My statistics background is almost $\varnothing$, so I apologise if my question has already been asked, and I just didn't know the right terminology to find it here.
Suppose $p_X$ is the probability density of a random variable $X$ (say, defined over $\mathbb{R}$). Then $$\int_{\mathbb R} p_X(x) \mathrm{d}x = 1,\quad \mathbb{E}(X) = \int_{\mathbb R} xp_X(x)\mathrm{d}x, \quad \mathrm{Var}(X) = \mathbb{E}(X^2) - \mathbb{E}(X)^2.$$ The above three conditions/definitions depend precisely on $\mathbb{E}(X^0), \mathbb{E}(X^1)$, and $\mathbb{E}(X^2)$. This makes me wonder why I've never encountered higher $n$, i.e. why is $\mathbb{E}(X^n)$ not important for bigger $n$? (Of course the obvious answer is that they are important, but I've just never seen them because of my limited stats background.
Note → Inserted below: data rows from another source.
(* By multilinearity the determinant is a sum over the choices of one [k] per
   column; the intervals being disjoint and ordered, every choice that does not
   vanish is an increasing sequence, hence a binomial determinant. *)
Lemma interval_sum_det_sign N al lo hi B :
  increasing N al -> (forall j, (j.+1 < N)%N -> (hi j <= lo j.+1)%N) ->
  (forall j, (j < N)%N -> (hi j <= B)%N) ->
  (forall g, increasing N g -> binom_det_sign N al g) ->
  0 <= \det (interval_sum_mx N al lo hi B) /\
  ((forall j, (j < N)%N -> (lo j < hi j)%N /\ (al j < hi j)%N) ->
     0 < \det (interval_sum_mx N al lo hi B)).
Proof.
move=> inc_al disj hiB IH.
pose term (g : {ffun 'I_N -> 'I_B}) : 'M[R]_N :=
  \matrix_(i, j) (if (lo j <= g j < hi j)%N then ('C(g j, al i))%:R else 0).
have term_binom (g : {ffun 'I_N -> 'I_B}) : [forall j : 'I_N, (lo j <= g j < hi j)%N] ->
    term g = binom_mx N al (ffun_nat g) /\ increasing N (ffun_nat g).
  move=> /forallP g_in; split.
    by apply/matrixP => i j; rewrite !mxE g_in ffun_natE.
  move=> i lt_iN; have lt_iN' : (i < N)%N by apply: ltnW.
  have /andP[_ lt_i] := g_in (Ordinal lt_iN').
  have /andP[ge_i1 _] := g_in (Ordinal lt_iN).
  rewrite -[i]/(nat_of_ord (Ordinal lt_iN')) -[i.+1]/(nat_of_ord (Ordinal lt_iN)).
  rewrite !ffun_natE; exact: leq_trans lt_i (leq_trans (disj i lt_iN) ge_i1).
have term_ge0 (g : {ffun 'I_N -> 'I_B}) : 0 <= \det (term g).
  case g_in: [forall j : 'I_N, (lo j <= g j < hi j)%N].
    by have [-> /IH []] := term_binom g g_in.
  have [j g_out] := forallPn (negbT g_in).
  by rewrite (det_col_eq0 (j := j)) // => i; rewrite mxE (negPf g_out).
rewrite /interval_sum_mx det_sum_col; split; first by apply: sumr_ge0 => g _; apply: term_ge0.
move=> nonempty; have last_in (j : 'I_N) : ((hi j).-1 < B)%N.
  have [lt_lo_hi _] := nonempty j (ltn_ord j); have := hiB j (ltn_ord j); lia.
pose g0 : {ffun 'I_N -> 'I_B} := [ffun j => Ordinal (last_in j)].
rewrite (bigD1 g0) //=; apply: ltr_wpDr; first by apply: sumr_ge0 => g _; apply: term_ge0.
have g0_in : [forall j : 'I_N, (lo j <= g0 j < hi j)%N].
  apply/forallP => j; rewrite ffunE /=; have [lt_lo_hi _] := nonempty j (ltn_ord j).
  apply/andP; lia.
rewrite -/(term g0); have [-> /IH [_]] := term_binom g0 g0_in; apply=> i lt_iN.
rewrite -[i]/(nat_of_ord (Ordinal lt_iN)) ffun_natE ffunE /=.
have [_ ] := nonempty i lt_iN; lia.
Qed.

(* Right multiplication by [diff_mx n] replaces every column but the first by
   its difference with the previous one. *)
Definition diff_mx n : 'M[R]_n :=
  \matrix_(k, j) (if k == j then 1 else if (k.+1 == j)%N then -1 else 0).

Lemma det_diff_mx n : \det (diff_mx n) = 1.
Proof.
rewrite -det_tr det_trig; last first.
  apply/is_trig_mxP => i j lt_ij; rewrite !mxE.
  by rewrite gtn_eqF ?ltnS ?(ltnW lt_ij) // -val_eqE gtn_eqF.
by rewrite big1 // => i _; rewrite !mxE eqxx.
Qed.

Lemma mulmx_diff_mxE n (A : 'M[R]_n.+1) i j :
  (A *m diff_mx n.+1) i j = A i j - (if (0 < j)%N then A i (inord j.-1) else 0).
Proof.
rewrite mxE (bigD1 j) //= !mxE eqxx mulr1.
case: (posnP j) => [j0 | j_gt0].
  by rewrite subr0 big1 ?addr0 // => k ne_kj; rewrite !mxE (negPf ne_kj) j0 mulr0.
have lt_j1 : (j.-1 < n.+1)%N by have := ltn_ord j; lia.
have ne_j1j : (inord j.-1 : 'I_n.+1) != j by rewrite -val_eqE /= inordK //; apply/eqP; lia.
rewrite (bigD1 (inord j.-1)) //= !mxE (negPf ne_j1j) inordK // prednK // eqxx.
rewrite mulrN1 big1 ?addr0 // => k /andP[ne_kj ne_kj1].
rewrite !mxE (negPf ne_kj); case: eqP => [e|]; last by rewrite mulr0.
by move: ne_kj1; rewrite -val_eqE /= -e /= inordK ?eqxx // ltnW.
Qed.

Lemma binom_mx_diffE n a b i j :
  (binom_mx n.+1 a b *m diff_mx n.+1) i j =
  ('C(b j, a i))%:R - (if (0 < j)%N then ('C(b j.-1, a i))%:R else 0).
Proof.
rewrite mulmx_diff_mxE !mxE; case: posnP => // _.
by rewrite inordK //; have := ltn_ord j; lia.
Qed.

Lemma det_binom_mx_diff n a b :
  \det (binom_mx n.+1 a b) = \det (binom_mx n.+1 a b *m diff_mx n.+1).
Proof. by rewrite det_mulmx det_diff_mx mulr1. Qed.

(* When [a 0 > 0], the column differences are hockey-stick sums of binomials
   with every [a i] lowered by one. *)
Lemma binom_det_sign_pred n a b : increasing n.+1 a -> increasing n.+1 b ->
  (0 < a 0)%N ->
  (forall g, increasing n.+1 g -> binom_det_sign n.+1 (fun i => (a i).-1) g) ->
  binom_det_sign n.+1 a b.
Proof.
move=> inc_a inc_b a0_gt0 IH.
have a_gt0 i : (i < n.+1)%N -> (0 < a i)%N.
  by move=> lt_in; apply: leq_trans a0_gt0 (increasing_le inc_a (leq0n i) lt_in).
have le_b j : (j < n.+1)%N -> (b j <= b n)%N.
  by move=> lt_jn; apply: (increasing_le inc_b) => //; rewrite -ltnS.
pose lo j := if (0 < j)%N then b j.-1 else 0%N.
rewrite /binom_det_sign det_binom_mx_diff.
have -> : binom_mx n.+1 a b *m diff_mx n.+1 =
    interval_sum_mx n.+1 (fun i => (a i).-1) lo b (b n).
  apply/matrixP => i j; rewrite binom_mx_diffE mxE sum_bin_range; last first.
    rewrite le_b // andbT /lo; case: posnP => // j_gt0.
    by apply/ltnW/(increasing_lt inc_b); rewrite ?prednK.
  rewrite prednK ?a_gt0 // /lo; case: posnP => // _.
  by rewrite (@bin_small 0) ?subr0 ?a_gt0.
have [det_ge0 det_gt0] := interval_sum_det_sign (lo := lo) (hi := b) (B := b n)
  (increasing_pred inc_a a0_gt0) (fun j _ => leqnn _) le_b IH.
split=> // le_ab; apply: det_gt0 => j lt_jn; have := le_ab j lt_jn.
have := a_gt0 j lt_jn; rewrite /lo; case: (posnP j) => [j0 | j_gt0].
  by rewrite j0 /=; lia.
by have := inc_b j.-1; rewrite prednK // => /(_ lt_jn); lia.
Qed.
However, this feeds into a second related question below.)
The above question organically formed when I was reading a proof of the law of large numbers using Fourier transforms. Assume $p_{X_i}$ has mean $0$ and finite variance $D$ for every $i$. Let $Z_m = \frac{1}{m}(X_1 + \cdots + X_m)$. We wish to prove that $\lim_{m\to\infty}\mathbb{E}(Z_m) = 0$.
Recalling the formula $$\hat{f}^{(n)}(\zeta) = (-2\pi i)^n (\widehat{x^nf})(\zeta),$$ we have $\hat{p}_X(0) = 1, \hat{p}_X'(0) = 0, \hat{p}_X''(0) = -4\pi^2D$ and so on. The proof goes on to say that for any choice of $\zeta$, $$\lim_{m \to \infty} \hat{p}_{Z_m}(\zeta) = \lim_{m\to\infty} \hat{p}_X(\zeta/m)^m = \lim_{m\to\infty}\Big(1 - \frac{2\pi^2D^2 \zeta^2}{m^2}\Big)^m = 1.$$
The last step is expressing $\hat{p}_X$ as a Taylor series (expanded about 0) and ignoring higher order terms. However, without any additional information about higher order derivatives of $\widehat{p}_X$ (i.e. the values of $\mathbb{E}(X^n)$ for larger $n$) the assumption that the Taylor series converges everywhere is surely wrong. My dissatisfaction with this proof can again be summarised as "why are the mean and variance enough?". Is there an unspoken assumption that all probability distributions are analytic almost everywhere? Or do the mean and variance truly pin down the probability density function in such a way that we can ignore all higher order terms?
The expected value and the variance describe the central trend and the spread. These are the minimal quantities one cares about for a first grasp of the data. They are sufficient to define a linear transformation of the data to normalize it (nonlinear transformations aren't so prized).
Higher moments (classically up to order $4$) can be used for a finer description (symmetry and resemblance to a normal law) but they are much less useful, and the tools for their estimation are much less developed.
Also think that the mean and standard deviation are all it takes to describe a Normal distribution, and by the CLT, this distribution is the "destiny" of all samples.